Thanks for your reply. I use the primers with 85% Greengene reference sequences. They work well and quickly. The genus and species were absent in that 85%Greengene . However when I run the primers with 99%Greengenes it took almost two days, however disconnected and could not give me the required results. I repeat the 99%Greengenes for the last one week however failed. About the memory, I don't know, because I am connecting my laptop with a lab server. The company is saying the primers will work well with Silva128 databases. However I don't know which commands or how to train for silva databases as well as I don't know what is the strategy for --p-trunc-len in case of Silva databases whether I remove it or not. Even the Silva128 data bases there are rep.set something and taxonomy on the other hand, alot of complication to get qza files. If you would help and assist me further, I would be thankful.

Best regards,
Aqleem Abbas

jairideout · October 19, 2017, 5:02pm

That's great news, thanks for trying that out!

Since you're running these commands on a remote server, you can lose connection for a number of reasons (e.g. closing your laptop lid, turning off your computer, disconnecting from the network, etc.). If you lose connection your job will be terminated, so that's probably what's happening.

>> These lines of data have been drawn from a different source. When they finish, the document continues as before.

Lemma major_glue U1 U2 h a t c : a <= t <= c -> U1 t = U2 t ->
  major_fun U1 h a t -> major_fun U2 h t c -> major_fun (glue t U1 U2) h a c.
Proof.
  rewrite !major_funE. intros Ht E [C1 H1] [C2 H2].
  split; [apply cont_on_glue; auto |].
  intros x Hx. split.
  - intros Hxc. destruct (Rlt_le_dec x t) as [Hxt | Hxt].
    + destruct (proj1 (H1 x ltac:(lra)) Hxt) as [d [Hd [Hd2 Hd3]]].
      exists d; repeat split; [auto | lra |].
      apply (eventually_ge_ext (LD1_right U1 x d)); auto.
      intros s. apply LD1_right_ext; auto. intros y Hy. rewrite glue_l; lra.
    + destruct (proj1 (H2 x ltac:(lra)) Hxc) as [d [Hd [Hd2 Hd3]]].
      exists d; repeat split; auto.
      apply (eventually_ge_ext (LD1_right U2 x d)); auto.
      intros s. apply LD1_right_ext; auto. intros y Hy. rewrite glue_r; auto; lra.
  - intros Hxa. destruct (Rle_lt_dec x t) as [Hxt | Hxt].
    + destruct (proj2 (H1 x ltac:(lra)) Hxa) as [d [Hd [Hd2 Hd3]]].
      exists d; repeat split; auto.
      apply (eventually_ge_ext (LD1_left U1 x d)); auto.
      intros s. apply LD1_left_ext; auto. intros y Hy. rewrite glue_l; lra.
    + destruct (proj2 (H2 x ltac:(lra)) Hxt) as [d [Hd [Hd2 Hd3]]].
      exists d; repeat split; [auto | lra |].
      apply (eventually_ge_ext (LD1_left U2 x d)); auto.
      intros s. apply LD1_left_ext; auto. intros y Hy. rewrite glue_r; auto; lra.
Qed.

Lemma cont_on_opp V a b : cont_on V a b -> cont_on (fun t => - V t) a b.
Proof.
  intros H x Hx eps He. destruct (H x Hx eps He) as [d [Hd Hd2]]. exists d; split; auto.
  intros y Hy Hy2. replace (- V y - - V x) with (- (V y - V x)) by ring.
  rewrite Rabs_Ropp. auto.
Qed.

Lemma LD1_right_opp V a b x del s : a <= x -> 0 < del -> x + del <= b -> cont_on V a b ->
  LD1_right (fun t => - V t) x del s = - LD1_right V x del s.
Proof.
  intros Hx Hd Hb Hc. set (Vc := fun t => V (clamp a b t)).
  rewrite (LD1_right_ext (fun t => - V t) (fun t => - Vc t)), (LD1_right_ext V Vc)
    by (auto; intros; unfold Vc; rewrite clamp_id; lra).
  rewrite !LD1_right_laplace, <- laplace_s2_opp; [| lra |].
  - apply laplace_s2_ext; [lra | intros; ring].
  - intros u _. apply continuous_Rminus; [| apply continuous_const].
    apply (continuous_comp (fun u => x + u) Vc); auto 10 with rcont.
    apply continuous_clamp; auto; lra.
Qed.

Lemma LD1_left_opp V a b x del s : x <= b -> 0 < del -> a <= x - del -> cont_on V a b ->
  LD1_left (fun t => - V t) x del s = - LD1_left V x del s.
Proof.
  intros Hx Hd Hb Hc. set (Vc := fun t => V (clamp a b t)).
  rewrite (LD1_left_ext (fun t => - V t) (fun t => - Vc t)), (LD1_left_ext V Vc)
    by (auto; intros; unfold Vc; rewrite clamp_id; lra).
  rewrite !LD1_left_laplace. f_equal. rewrite <- laplace_s2_opp; [| lra |].
  - apply laplace_s2_ext; [lra | intros; ring].
  - intros u _. apply continuous_Rminus; [| apply continuous_const].
    apply (continuous_comp (fun u => x - u) Vc); auto 10 with rcont.
    apply continuous_clamp; auto; lra.
Qed.

Lemma minor_funE V h a b :
  minor_fun V h a b <-> major_fun (fun t => - V t) (fun t => - h t) a b.
Proof.
  rewrite major_funE. unfold minor_fun, is_major, upper_LD_le, lower_bound_right, lower_bound_left.
  split.
  - intros [Hc H]. split; [apply cont_on_opp; auto |].
    intros x Hx; destruct (H x Hx) as [Hr Hl]; split.
    + intros Hb; destruct (Hr Hb) as [d [Hd [Hd2 [Hd3 _]]]]. exists d; repeat split; auto.
      apply (eventually_ge_ext (fun s => - LD1_right V x d s)); [| apply LimSup_pinfty_le; auto].
      intros s. rewrite (LD1_right_opp V a b); auto; lra.
    + intros Ha; destruct (Hl Ha) as [d [Hd [Hd2 [Hd3 _]]]]. exists d; repeat split; auto.
      apply (eventually_ge_ext (fun s => - LD1_left V x d s)); [| apply LimSup_pinfty_le; auto].
      intros s. rewrite (LD1_left_opp V a b); auto; lra.
  - intros [Hc H].
    assert (Hc' : cont_on V a b).
    { apply cont_on_opp in Hc. intros x Hx eps He. destruct (Hc x Hx eps He) as [d [Hd Hd2]].
      exists d; split; auto. intros y Hy Hy2. specialize (Hd2 y Hy Hy2).
      rewrite !Ropp_involutive in Hd2. auto. }
    split; auto. intros x Hx; destruct (H x Hx) as [Hr Hl]; split.
    + intros Hb; destruct (Hr Hb) as [d [Hd [Hd2 Hd3]]]. exists d; do 2 (split; auto).
      apply eventually_ge_LimSup_pinfty.
      revert Hd3. apply eventually_ge_ext. intros s. rewrite (LD1_right_opp V a b); auto; lra.
    + intros Ha; destruct (Hl Ha) as [d [Hd [Hd2 Hd3]]]. exists d; do 2 (split; auto).
      apply eventually_ge_LimSup_pinfty.
      revert Hd3. apply eventually_ge_ext. intros s. rewrite (LD1_left_opp V a b); auto; lra.
Qed.

Definition is_upper_int (h : R -> R) (a b I : R) : Prop :=
  (forall U, major_fun U h a b -> I <= U b - U a) /\
  (forall eps, 0 < eps -> exists U, major_fun U h a b /\ U b - U a <= I + eps).

Lemma is_glb_major_iff h a b I :
  is_glb_Rbar (fun y => exists U, major_fun U h a b /\ y = U b - U a) (Finite I) <->
  is_upper_int h a b I.
Proof.
  split.
  - intros [Hlb Hg]. split.
    + intros U HU. apply (Hlb (U b - U a)). exists U; auto.
    + intros eps He. apply NNPP; intros Hn.
      enough (Rbar_le (Finite (I + eps)) (Finite I)) by (simpl in *; lra).
      apply Hg. intros y [U [HU ->]]. simpl.
      apply Rnot_lt_le; intros Hl. apply Hn. exists U; split; auto; lra.
  - intros [H1 H2]. split.
    + intros y [U [HU ->]]. simpl. auto.
    + intros [l | |] Hl; simpl; auto.
      * apply Rnot_lt_le; intros Hlt. destruct (H2 ((l - I) / 2) ltac:(lra)) as [U [HU HU2]].
        specialize (Hl (U b - U a) (ex_intro _ U (conj HU eq_refl))). simpl in Hl. lra.
      * destruct (H2 1 Rlt_0_1) as [U [HU _]]. apply (Hl (U b - U a)). exists U; auto.
Qed.

Lemma major_fun_opp_opp U h a b :
  major_fun U h a b -> major_fun (fun t => - - U t) h a b.
Proof.
  replace (fun t => - - U t) with U; auto.
  apply functional_extensionality; intros; ring.
Qed.

Lemma is_lub_minor_iff h a b I :
  is_lub_Rbar (fun y => exists V, minor_fun V h a b /\ y = V b - V a) (Finite I) <->
  is_upper_int (fun t => - h t) a b (- I).
Proof.
  split.
  - intros [Hub Hg]. split.
    + intros U HU. enough (- U b - - U a <= I) by lra.
      apply (Hub (- U b - - U a)). exists (fun t => - U t). split; auto.
      apply minor_funE, major_fun_opp_opp; auto.
    + intros eps He. apply NNPP; intros Hn.
      enough (Rbar_le (Finite I) (Finite (I - eps))) by (simpl in *; lra).
      apply Hg. intros y [V [HV ->]]. simpl. apply Rnot_lt_le; intros Hl. apply Hn.
      exists (fun t => - V t). split; [apply minor_funE; auto | lra].
  - intros [H1 H2]. split.
    + intros y [V [HV ->]]. simpl. apply minor_funE, H1 in HV. lra.
    + intros [l | |] Hl; simpl; auto.
      * apply Rnot_lt_le; intros Hlt. destruct (H2 ((I - l) / 2) ltac:(lra)) as [U [HU HU2]].
        assert (HV : minor_fun (fun t => - U t) h a b) by (apply minor_funE, major_fun_opp_opp; auto).
        specialize (Hl _ (ex_intro _ _ (conj HV eq_refl))). simpl in Hl. lra.
      * destruct (H2 1 Rlt_0_1) as [U [HU _]].
        assert (HV : minor_fun (fun t => - U t) h a b) by (apply minor_funE, major_fun_opp_opp; auto).
        apply (Hl _ (ex_intro _ _ (conj HV eq_refl))).
Qed.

I recommend using a program such as screen, which will allow you to create a session that you can reconnect to if your connection is lost, and your jobs will keep running in the meantime. We don't develop the screen tool so I can't provide support for that. There's various tutorials on the internet, or you could check with your server administrator if you need help with screen. They may have other suggestions for keeping long-running jobs alive.

You can use a program such as top (available on most *nix systems) or htop (much nicer interface) to monitor memory and CPU usage on the remote server. Once you're logged into the server you can use one of those tools to monitor system resources while the job is running. We also don't develop top or htop so can't provide specific support for those tools here.

The process is basically the same as training with Greengenes. You can follow along with the feature-classifier tutorial, substituting the Silva files for the Greengenes files.

Since you'll be classifying features derived from paired-end data, you shouldn't supply a trunc-len with SILVA either.

After downloading and extracting the SILVA reference database, you'll want to use the files in the SILVA_128_QIIME_release/rep_set/ and SILVA_128_QIIME_release/taxonomy/ folders. You can choose from 16S-only, 18S-only, or 16S+18S. You can also choose the percent identity (e.g. 99% OTUs) of interest.

jairideout · October 20, 2017, 4:32pm

An off-topic reply has been split into a new topic: What is the difference between Greengenes and SILVA?

Please keep replies on-topic in the future.

jairideout · October 20, 2017, 4:35pm

I split off @Aqleem12's latest reply into a new forum topic because there's a question in there that is better suited for its own topic. Following up here to confirm that @Aqleem12 was able to successfully extract reads from 99% Greengenes reference sequences, it took around 12 hours to complete.

system · November 20, 2017, 10:36pm

This topic was automatically closed 31 days after the last reply. New replies are no longer allowed.